Nation Current Affairs 25 Jan 2018 Hartals rob schools ...

Hartals rob schools of class hours in Kerala

DECCAN CHRONICLE. | SABLOO THOMAS
Published Jan 25, 2018, 1:12 am IST
Updated Jan 25, 2018, 1:12 am IST
Two days lost within week with Monday’s ABVP education bandh and Wednesday’s vehicle strike.
Members of major trade unions taking out a march to Secretariat as part of the motor vehicle bandh, in Thiruvananthapruam on Wednesday. (Photo: G.G. Abhijith)
 Members of major trade unions taking out a march to Secretariat as part of the motor vehicle bandh, in Thiruvananthapruam on Wednesday. (Photo: G.G. Abhijith)

Thiruvananthapuram: Hartals and agitations are telling on the academic calendar of schools in the state. The educational institutions  fear that they would not get the stipulated number of working days due to the  undeclared holidays forced upon them.  This week itself there were two undeclared holidays following the ABVP’s  education bandh on Monday and the motor vehicles strike on Wednesday. 

The schools in Kannur had to be closed on  Friday last due to the hartal organised by the BJP. The Right to Education Act, 2009 states  that schools must provide 200 working days for class I to V and 220 for class VI to VIII.

 

The Kerala education rules also have  recommended 220 educational days, excluding the days of examinations in every academic year. The Central Board of Secondary Education wanted 220 working days a year. This could not be followed due to the political and social situation in the state during the past many academic years.

While in the past couple of years, the CBSE had  adopted a lenient academic pattern, it has now become tougher with a schedule particularly in classes 9 and 10.  The general education department had to convert six Saturdays—August 8, September 6 and 23  and October 21 last year and   January 6  and  27, 2018 as working days for high schools in the state syllabus to ensure the required working days.

 

In 2016, the Kerala High Court had directed the state government to ensure 220 academic days excluding examinations and co-curricular activities  from the subsequent academic year as prescribed under the relevant acts.
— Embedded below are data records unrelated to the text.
(* Let $k$ be a positive integer and let $s$ be an even positive integer. Then there exists a hypergraph $\mathcal{F}$ (with $s < |e|$ for every hyperedge $e$ of $\mathcal{F}$) such that $\chi\left({\rm KG}^2(\mathcal{F}, s)\right) = k$ and $${\rm cd}^2(\mathcal{F}, l) = {\rm ecd}^2(\mathcal{F}, l) = k(2l - s + 1)$$ for each $l \in \left\{\frac{s}{2} + 1, \frac{s}{2} + 2, \dots, s\right\}$.
   Context: A hypergraph $\mathcal{F}$ consists of a finite vertex set $V(\mathcal{F})$ and a set $E(\mathcal{F}) \subseteq 2^{V(\mathcal{F})} \setminus \{\varnothing\}$ of hyperedges. For an integer $r \geq 2$ and a nonnegative integer $s$ with $s < |e|$ for every hyperedge $e$ of $\mathcal{F}$, the generalized Kneser hypergraph ${\rm KG}^r(\mathcal{F}, s)$ is the $r$-uniform hypergraph whose vertex set is $E(\mathcal{F})$, in which $r$ distinct hyperedges $e_1, \dots, e_r$ of $\mathcal{F}$ form a hyperedge whenever $|e_i \cap e_j| \leq s$ for all distinct $i, j \in \{1, \dots, r\}$. Its chromatic number $\chi$ is the minimum size of a set $C$ admitting a map $f : E(\mathcal{F}) \to C$ such that no hyperedge of ${\rm KG}^r(\mathcal{F}, s)$ is monochromatic (for $r = 2$ this is the ordinary chromatic number of the graph). For sets $A, B$ and a nonnegative integer $t$, write $A \subseteq_t B$ if $|A \setminus B| \leq t$. For a nonnegative integer $t$ with $t < |e|$ for all hyperedges $e$, the $t$-th $r$-colorability defect ${\rm cd}^r(\mathcal{F}, t)$ is the minimum cardinality of a set $X_0 \subseteq V(\mathcal{F})$ for which there is a partition $\{X_1, \dots, X_r\}$ of $V(\mathcal{F}) \setminus X_0$ (parts may be empty) such that $e \not\subseteq_t X_i$ for every hyperedge $e \in E(\mathcal{F})$ and every $i \in \{1, \dots, r\}$. The $t$-th equitable $r$-colorability defect ${\rm ecd}^r(\mathcal{F}, t)$ is defined in the same way, with the additional requirement that $\big||X_i| - |X_j|\big| \leq 1$ for all $1 \leq i < j \leq r$. *)

From mathcomp Require Import all_boot.
Set Implicit Arguments. Unset Strict Implicit. Unset Printing Implicit Defensive.

(* A hypergraph F has vertex set T (a finType) and hyperedge set E : {set {set T}}. *)

Section Kneser.
Variable T : finType.
Implicit Types (E : {set {set T}}) (s t r c : nat).

(* f is a proper coloring of KG^r(F, s) with c colors: no r distinct
   hyperedges, pairwise intersecting in at most s vertices, get the same color. *)
Definition kneser_proper_coloring r E s c (f : {ffun {set T} -> 'I_c}) : Prop :=
  forall (es : seq {set T}), size es = r -> uniq es -> {subset es <= E} ->
    (forall e1 e2, e1 \in es -> e2 \in es -> e1 != e2 -> #|e1 :&: e2| <= s) ->
    ~ (forall e1 e2, e1 \in es -> e2 \in es -> f e1 = f e2).

Definition kneser_colorable r E s c : Prop :=
  exists f : {ffun {set T} -> 'I_c}, kneser_proper_coloring r E s f.

Definition kneser_chi_eq r E s k : Prop :=
  kneser_colorable r E s k /\ (forall c, kneser_colorable r E s c -> k <= c).

Definition subset_t (A B : {set T}) t : bool := #|A :\: B| <= t.

(* g assigns each vertex to X_0 (None) or to part X_i (Some i), i < r. *)
Definition part r (g : {ffun T -> option 'I_r}) (i : option 'I_r) : {set T} :=
  [set x | g x == i].

Definition cd_admissible r E t (g : {ffun T -> option 'I_r}) : bool :=
  [forall e in E, forall i : 'I_r, ~~ subset_t e (part g (Some i)) t].

Definition equitable r (g : {ffun T -> option 'I_r}) : bool :=
  [forall i : 'I_r, forall j : 'I_r,
     #|part g (Some i)| <= #|part g (Some j)| + 1].

Definition cd r E t : nat :=
  \big[minn/#|T|]_(g : {ffun T -> option 'I_r} | cd_admissible E t g)
     #|part g None|.

Definition ecd r E t : nat :=
  \big[minn/#|T|]_(g : {ffun T -> option 'I_r} | cd_admissible E t g && equitable g)
     #|part g None|.

End Kneser.

From mathcomp Require Import all_boot zify.

(* Take for F a perfect matching of k disjoint (s+1)-sets.  Any two edges are
   disjoint, so KG^2(F, s) is the complete graph on k vertices and chi = k.
   If e is not contained in X_1 nor in X_2 up to l vertices, then
   |e \ X_1| + |e \ X_2| = |e| + |e ∩ X_0| forces |e ∩ X_0| >= 2l + 1 - s,
   and summing over the disjoint edges gives cd >= k(2l - s + 1).  Putting s - l
   vertices of every edge in X_1, s - l in X_2 and the rest in X_0 attains this
   bound with |X_1| = |X_2|. *)

Set Implicit Arguments.
Unset Strict Implicit.
Unset Printing Implicit Defensive.

Lemma big_minn_le (I : eqType) (r : seq I) (P : pred I) (F : I -> nat) x0 i0 :
  i0 \in r -> P i0 -> \big[minn/x0]_(i <- r | P i) F i <= F i0.
Proof.
elim: r => // i r IHr; rewrite inE big_cons => /orP[/eqP <-|r_i0] P_i0.
  by rewrite P_i0 geq_minl.
by case: ifP => _; rewrite ?geq_min IHr ?orbT.
Qed.

Lemma big_minn_attained (I : finType) (P : pred I) (F : I -> nat) x0 i0 :
  P i0 -> F i0 <= x0 -> (forall i, P i -> F i0 <= F i) ->
  \big[minn/x0]_(i | P i) F i = F i0.
Proof.
move=> P_i0 le_i0_x0 min_i0; apply/eqP; rewrite eqn_leq big_minn_le ?mem_index_enum //=.
by elim/big_ind: _ => // a b; rewrite leq_min => -> ->.
Qed.

Lemma card_ord_range m a b : b <= m -> #|[pred t : 'I_m | a <= t < b]| = b - a.
Proof.
move=> le_bm; rewrite -sum1_card -[b - a]muln1 -sum_nat_const_nat.
rewrite (big_nat_widen _ _ _ _ _ le_bm) big_geq_mkord.
by apply: eq_bigl => t; rewrite inE andbC.
Qed.

Section Hypergraph.
Variable T : finType.
Implicit Types (E : {set {set T}}) (e A : {set T}) (s t : nat).

Lemma kneser2_properP E s c (f : {ffun {set T} -> 'I_c}) :
  kneser_proper_coloring 2 E s f <->
  {in E &, forall e1 e2, e1 != e2 -> #|e1 :&: e2| <= s -> f e1 != f e2}.
Proof.
split=> [fP e1 e2 E_e1 E_e2 ne12 small|fP [|e1 [|e2 []]] //= _].
  apply/eqP => same; apply: (fP [:: e1; e2]) => //.
  - by rewrite /= inE ne12.
  - by move=> e; rewrite !inE => /orP[]/eqP->.
  - by move=> x y; rewrite !inE => /orP[]/eqP-> /orP[]/eqP->; rewrite ?eqxx // setIC.
  - by move=> x y; rewrite !inE => /orP[]/eqP-> /orP[]/eqP->.
rewrite inE andbT => ne12 sub small same.
have [in_e1 in_e2] : e1 \in [:: e1; e2] /\ e2 \in [:: e1; e2] by rewrite !inE !eqxx orbT.
move/eqP: (same _ _ in_e1 in_e2); apply/negP/fP; rewrite ?sub //.
exact: small.
Qed.

Lemma kneser2_chi_trivIset E s : trivIset E -> E != set0 -> kneser_chi_eq 2 E s #|E|.
Proof.
move=> /trivIsetP disjE /set0Pn[e0 E_e0]; split.
  exists [ffun e => enum_rank_in E_e0 e]; apply/kneser2_properP => e1 e2 E_e1 E_e2 ne12 _.
  by rewrite !ffunE; apply: contra ne12 => /eqP/(enum_rank_in_inj E_e1 E_e2) ->.
move=> c [f /kneser2_properP fP]; rewrite -(card_ord c).
have inj_f : {in E &, injective f}.
  move=> e1 e2 E_e1 E_e2 /eqP; apply: contraTeq => ne12; apply: fP => //.
  by rewrite (disjoint_setI0 (disjE _ _ E_e1 E_e2 ne12)) cards0.
by rewrite -(card_in_imset inj_f) max_card.
Qed.

Lemma sum_card_setI_trivIset E A : trivIset E -> \sum_(e in E) #|e :&: A| <= #|A|.
Proof.
move=> trivE; have -> : \sum_(e in E) #|e :&: A| = \sum_(e in E) \sum_(x in e | x \in A) 1.
  by apply: eq_bigr => e _; rewrite -sum1_card; apply: eq_bigl => x; rewrite inE.
rewrite -big_trivIset_cond // (eq_bigl [in cover E :&: A]) => [|x]; last by rewrite inE.
by rewrite sum1_card subset_leq_card ?subsetIr.
Qed.

Section TwoColoring.
Variables (E : {set {set T}}) (t : nat) (g : {ffun T -> option 'I_2}).
Hypothesis g_adm : cd_admissible E t g.

Lemma cd_admissible2_edge_bound e : e \in E -> 2 * t.+1 <= #|e| + #|e :&: part g None|.
Proof.
move=> E_e; have /forallP out := implyP (forallP g_adm e) E_e.
have := out ord0; have := out ord_max; rewrite /subset_t -!ltnNge.
set A := e :\: _; set B := e :\: _ => ltB ltA.
have AUB_e : #|A :|: B| <= #|e| by apply/subset_leq_card; rewrite subUset !subsetDl.
have AIB_None : #|A :&: B| <= #|e :&: part g None|.
  apply/subset_leq_card/subsetP => x; rewrite !inE.
  by case/andP=> /andP[+ ->] /andP[+ _]; case: (g x) => // -[[|[|]]].
have := cardsUI A B; lia.
Qed.

Lemma cd_admissible2_part_None_bound m :
  trivIset E -> {in E, forall e, #|e| = m} -> #|E| * (2 * t.+1 - m) <= #|part g None|.
Proof.
move=> trivE card_E; apply: leq_trans (sum_card_setI_trivIset _ trivE).
rewrite -sum_nat_const; apply: leq_sum => e E_e.
by have := cd_admissible2_edge_bound E_e; rewrite card_E //; lia.
Qed.

End TwoColoring.

Lemma cd_ecd_attained r E t (g : {ffun T -> option 'I_r}) :
  cd_admissible E t g -> equitable g ->
  (forall g' : {ffun T -> option 'I_r},
     cd_admissible E t g' -> #|part g None| <= #|part g' None|) ->
  cd r E t = #|part g None| /\ ecd r E t = #|part g None|.
Proof.
move=> adm eqt min_g; split; apply: big_minn_attained; rewrite ?adm ?eqt ?max_card //.
by move=> g' /andP[/min_g].
Qed.

End Hypergraph.

Section Blocks.
Variables (k m : nat).
Local Notation n := #|{: 'I_k * 'I_m}|.

Definition block_index (x : 'I_n) : 'I_k := (enum_val x).1.
Definition block_pos (x : 'I_n) : 'I_m := (enum_val x).2.
Definition block (j : 'I_k) : {set 'I_n} := [set x | block_index x == j].
Definition blocks : {set {set 'I_n}} := [set block j | j : 'I_k].

Lemma card_block_pos j (Q : pred 'I_m) : #|[set x in block j | Q (block_pos x)]| = #|Q|.
Proof.
have inj_pos : injective (fun u : 'I_m => enum_rank (j, u)) by move=> u v /enum_rank_inj [].
rewrite -(card_imset Q inj_pos); apply: eq_card => x; rewrite !inE /block_index /block_pos.
apply/andP/imsetP => [[/eqP j_x Q_x]|[u Q_u ->]]; last by rewrite enum_rankK eqxx.
by exists (block_pos x) => //; rewrite -j_x -surjective_pairing enum_valK.
Qed.

Lemma card_block j : #|block j| = m.
Proof.
transitivity #|[set x in block j | predT (block_pos x)]|.
  by apply: eq_card => x; rewrite !inE andbT.
by rewrite card_block_pos; apply: card_ord.
Qed.

Lemma card_sum_blocks (A : {set 'I_n}) : #|A| = \sum_(j < k) #|block j :&: A|.
Proof.
rewrite -sum1_card (partition_big block_index predT) //=.
by apply: eq_bigr => j _; rewrite -[RHS]sum1_card; apply: eq_bigl => x; rewrite !inE andbC.
Qed.

Lemma trivIset_blocks : trivIset blocks.
Proof.
apply/trivIsetP => _ _ /imsetP[i _ ->] /imsetP[j _ ->] ne_ij.
by apply/pred0P => x /=; rewrite !inE; apply: contraNF ne_ij => /andP[/eqP <- /eqP <-].
Qed.

Section PositionColoring.
Variables (r : nat) (c : 'I_m -> option 'I_r).

Definition pos_coloring : {ffun 'I_n -> option 'I_r} := [ffun x => c (block_pos x)].

Lemma card_block_setI_part j i : #|block j :&: part pos_coloring i| = #|[pred u | c u == i]|.
Proof. by rewrite -(card_block_pos j); apply: eq_card => x; rewrite !inE ffunE. Qed.

Lemma card_block_setD_part j i : #|block j :\: part pos_coloring i| = m - #|[pred u | c u == i]|.
Proof. by rewrite cardsD card_block card_block_setI_part. Qed.

Lemma card_part_pos_coloring i : #|part pos_coloring i| = k * #|[pred u | c u == i]|.
Proof.
rewrite card_sum_blocks (eq_bigr _ (fun j _ => card_block_setI_part j i)).
by rewrite sum_nat_const card_ord.
Qed.

End PositionColoring.

Definition split_pos d (u : 'I_m) : option 'I_2 :=
  if u < d then Some ord0 else if u < 2 * d then Some ord_max else None.

Lemma card_split_pos d o : 2 * d <= m ->
  #|[pred u | split_pos d u == o]| = if o is Some _ then d else m - 2 * d.
Proof.
move=> le_2d_m.
have card_range o' a b : b <= m -> (forall u : 'I_m, (split_pos d u == o') = (a <= u < b)) ->
    #|[pred u | split_pos d u == o']| = b - a.
  move=> le_bm split_o'; rewrite -(card_ord_range a le_bm).
  by apply: eq_card => u; rewrite !inE split_o'.
case: o => [[[|[|//]] i_lt]|]; [rewrite (card_range _ 0 d) ?subn0
  | rewrite (card_range _ d (2 * d)) | rewrite (card_range _ (2 * d) m)]; try lia;
  by move=> u; have := ltn_ord u; rewrite /split_pos;
    case: (ltnP u d); case: (ltnP u (2 * d)) => //=; lia.
Qed.

Hypothesis m_gt0 : 0 < m.

Lemma block_inj : injective block.
Proof.
move=> i j eq_ij; have : enum_rank (i, Ordinal m_gt0) \in block j.
  by rewrite -eq_ij inE /block_index enum_rankK.
by rewrite inE /block_index enum_rankK => /eqP.
Qed.

Lemma card_blocks : #|blocks| = k.
Proof. by rewrite card_imset ?card_ord //; apply: block_inj. Qed.

End Blocks.

Lemma cd_blocks k m t : t < m -> m <= 2 * t.+1 ->
  cd 2 (blocks k m) t = k * (2 * t.+1 - m) /\ ecd 2 (blocks k m) t = k * (2 * t.+1 - m).
Proof.
move=> lt_tm le_m_2t; pose d := m - t.+1.
have le_2d_m : 2 * d <= m by lia.
pose g := pos_coloring k (split_pos (m:=m) d).
have card_None : #|part g None| = k * (2 * t.+1 - m).
  by rewrite card_part_pos_coloring card_split_pos //; congr (_ * _); lia.
rewrite -card_None; apply: cd_ecd_attained.
- apply/forallP => e; apply/implyP => /imsetP[j _ ->]; apply/forallP => i.
  by rewrite /subset_t card_block_setD_part card_split_pos //; lia.
- apply/forallP => i; apply/forallP => i'.
  by rewrite !card_part_pos_coloring !card_split_pos ?leq_addr.
- move=> g' /cd_admissible2_part_None_bound; rewrite card_None card_blocks; last by lia.
  apply; first exact: trivIset_blocks.
  by move=> _ /imsetP[j _ ->]; rewrite card_block.
Qed.

Theorem theorem3 (k s : nat) :
  0 < k -> 0 < s -> ~~ odd s ->
  exists (n : nat) (E : {set {set 'I_n}}),
    (forall e, e \in E -> s < #|e|) /\
    kneser_chi_eq 2 E s k /\
    (forall l : nat, s./2 < l <= s ->
       cd 2 E l = k * (2 * l - s + 1) /\ ecd 2 E l = k * (2 * l - s + 1)).
Proof.
move=> k_gt0 _ _; exists #|{: 'I_k * 'I_s.+1}|, (blocks k s.+1); split.
  by move=> _ /imsetP[j _ ->]; rewrite card_block.
split.
  rewrite -[X in kneser_chi_eq _ _ _ X](card_blocks k (ltn0Sn s)).
  apply: kneser2_chi_trivIset; first exact: trivIset_blocks.
  by apply/set0Pn; exists (block s.+1 (Ordinal k_gt0)); apply: imset_f.
move=> l /andP[]; rewrite ltn_half_double -mul2n => lt_s_2l le_ls.
have -> : 2 * l - s + 1 = 2 * l.+1 - s.+1 by lia.
by apply: cd_blocks; lia.
Qed.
Justice K. Vinodchandran issued the direction on a petition filed by  P.T. Suresh, who claimed that his two children studying in different schools were not getting proper education as they were not functioning for the number of days  prescribed under the Kerala education rules.

Ms Indira Rajan, general secretary, Kerala State CBSE School Managem-ent Association,  told Deccan Chronicle that apart from state hartals, there have been many district-level and area specific hartals affecting  the working days. With the practical and model examinations round the corner,  this has upset all the schedules planned by schools.

 

Many programmes and curricular activities  planned according to the calendar would have to be rescheduled due to hartals.  The arrangements for the state-level CBSE-ICSE school meet on January 30 and 31 have also suffered due to the  hartals, Ms Rajan said.

Mr Jyothis Chandran, chairman, Jyothis Centr-al School, Kazhakuttom,  said that from August 2017 to the current  month, at least one day has been  lost in the first week of every month due to various agitations. In September,  there were many holidays, including Ramadan and Onam.   The result was that there were only very few working days that month.

 

Education Minister C. Raveendranath has  been suggesting  at least 200 to 210 working days in each academic year. This year, many schools would get only less than 175 working days, said Mr Chandran.

However, DPI K.V. Mohankumar claimed that the state syllabus schools would complete 201 academic days. During the last many years, the academic days were less than 180. This year, 135 days have been completed in the first two terms. There are  another 66 days in the third term.  In view of the days lost due to hartals,  four  days have been included in the third term, Mr Mohankumar said.

 

The schools are not allowed to conduct classes during vacations to make up  for the lost days.  The Kerala State Commission for Protec-tion of Child Rights, the Kerala State Human Rights Commission and the DPI have issued orders against such classes. The CBSE, Thiruvana-nthapuram regional office,  directed against holding classes for  primary and class V students on Saturdays. The Child Rights Commission had earlier directed schools not to conduct classes for class I to V on Saturdays.